> _WORK TO BE COMPLETED_
From the first line of the material below to the line containing "rewrite /lexrank /lexrank_seq (@size_undup_map", repeat every line exactly and add nothing.
↓
Lemma lexrank_rcons (r : 'I_m) : lexrank D (rcons a i) r =
  size (undup [seq p <- [seq (rank r', D r' i) | r' <- enum 'I_m] |
                (p.1 < rank r)%N || (p.1 == rank r) && (p.2 < D r i)%R]).
Proof.
have subrow_rcons (r' : 'I_m) : subrow D (rcons a i) r' = rcons (subrow D a r') (D r' i).
  exact: map_rcons.
rewrite /lexrank /lexrank_seq (@size_undup_map _ _ _ _ (fun r' => (rank r', D r' i))).
  rewrite [in RHS]filter_map; congr (size (undup (map _ _))); apply: eq_filter => r' /=.
  by rewrite !subrow_rcons lexlt_rcons ?size_subrow // lexrank_ltE lexrank_eqE.
by move=> r1 r2 _ _; rewrite !subrow_rcons eqseq_rcons xpair_eqE lexrank_eqE.
Qed.

Lemma lexrank_rcons_sum (r : 'I_m) :
  (rank r
   + \sum_(0 <= j < rank r) (size (undup [seq D r' i | r' <- enum 'I_m & rank r' == j])).-1
   + (size (undup [seq D r' i | r' <- enum 'I_m &
                                 (rank r' == rank r) && (D r' i <= D r i)%R])).-1
  = lexrank D (rcons a i) r)%N.
Proof.
rewrite lexrank_rcons (size_undup_lex_pairs _ _ (fun x => x < D r i)%R).
have snd_pairs (P : pred (nat * R)) :
    [seq p.2 | p <- [seq (rank r', D r' i) | r' <- enum 'I_m] & P p] =
    [seq D r' i | r' <- enum 'I_m & P (rank r', D r' i)].
  by rewrite filter_map -map_comp.
rewrite !snd_pairs /=.
rewrite (@size_undup_filter_le_pred _ _ _ (fun r' => D r' i) (fun r' => rank r' == rank r)
                                   (enum 'I_m) r) ?mem_enum ?eqxx //.
congr (_ + _)%N.
rewrite {1}(_ : rank r = \sum_(0 <= j < rank r) 1)%N; last first.
  by rewrite sum_nat_const_nat subn0 muln1.
rewrite -big_split /=.
apply: eq_big_nat => j /andP[_ jr]; rewrite snd_pairs add1n prednK //.
exact: (size_undup_rank_block_gt0 (fun r' => D r' i) jr).
Qed.

End LexRankRcons.

Lemma ranking_vector_nil (R : realType) (m n : nat) (D : 'M[R]_(m, n)) :
  ranking_vector D [::] = nseq m 0%N.
Proof.
apply: (@eq_from_nth _ 0%N); rewrite size_ranking_vector ?size_nseq // => r rm.
rewrite nth_nseq rm -[r]/(nat_of_ord (Ordinal rm)) nth_ranking_vector.
by rewrite /lexrank /lexrank_seq (eq_filter (a2 := pred0)) ?filter_pred0.
Qed.

Lemma mem_map_filter_perm_iota (T : eqType) m (s : seq nat) (P : pred nat) (f : nat -> T) :
  perm_eq s (iota 0 m) ->
  map f (filter P s) =i [seq f r | r : 'I_m <- enum 'I_m & P r].
Proof.
move=> s_perm x; apply/mapP/mapP => -[y].
  rewrite mem_filter (perm_mem s_perm) mem_iota add0n => /andP[Py ym] ->.
  by exists (Ordinal ym); rewrite // mem_filter Py mem_enum.
rewrite mem_filter => /andP[Py _] ->; exists (nat_of_ord y) => //.
by rewrite mem_filter Py (perm_mem s_perm) mem_iota add0n ltn_ord.
Qed.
↑
> _TASK RESPONSE_
Lemma lexrank_rcons (r : 'I_m) : lexrank D (rcons a i) r =
  size (undup [seq p <- [seq (rank r', D r' i) | r' <- enum 'I_m] |
                (p.1 < rank r)%N || (p.1 == rank r) && (p.2 < D r i)%R]).
Proof.
have subrow_rcons (r' : 'I_m) : subrow D (rcons a i) r' = rcons (subrow D a r') (D r' i).
  exact: map_rcons.
rewrite /lexrank /lexrank_seq (@size_undup_map _ _ _ _ (fun r' => (rank r', D r' i))).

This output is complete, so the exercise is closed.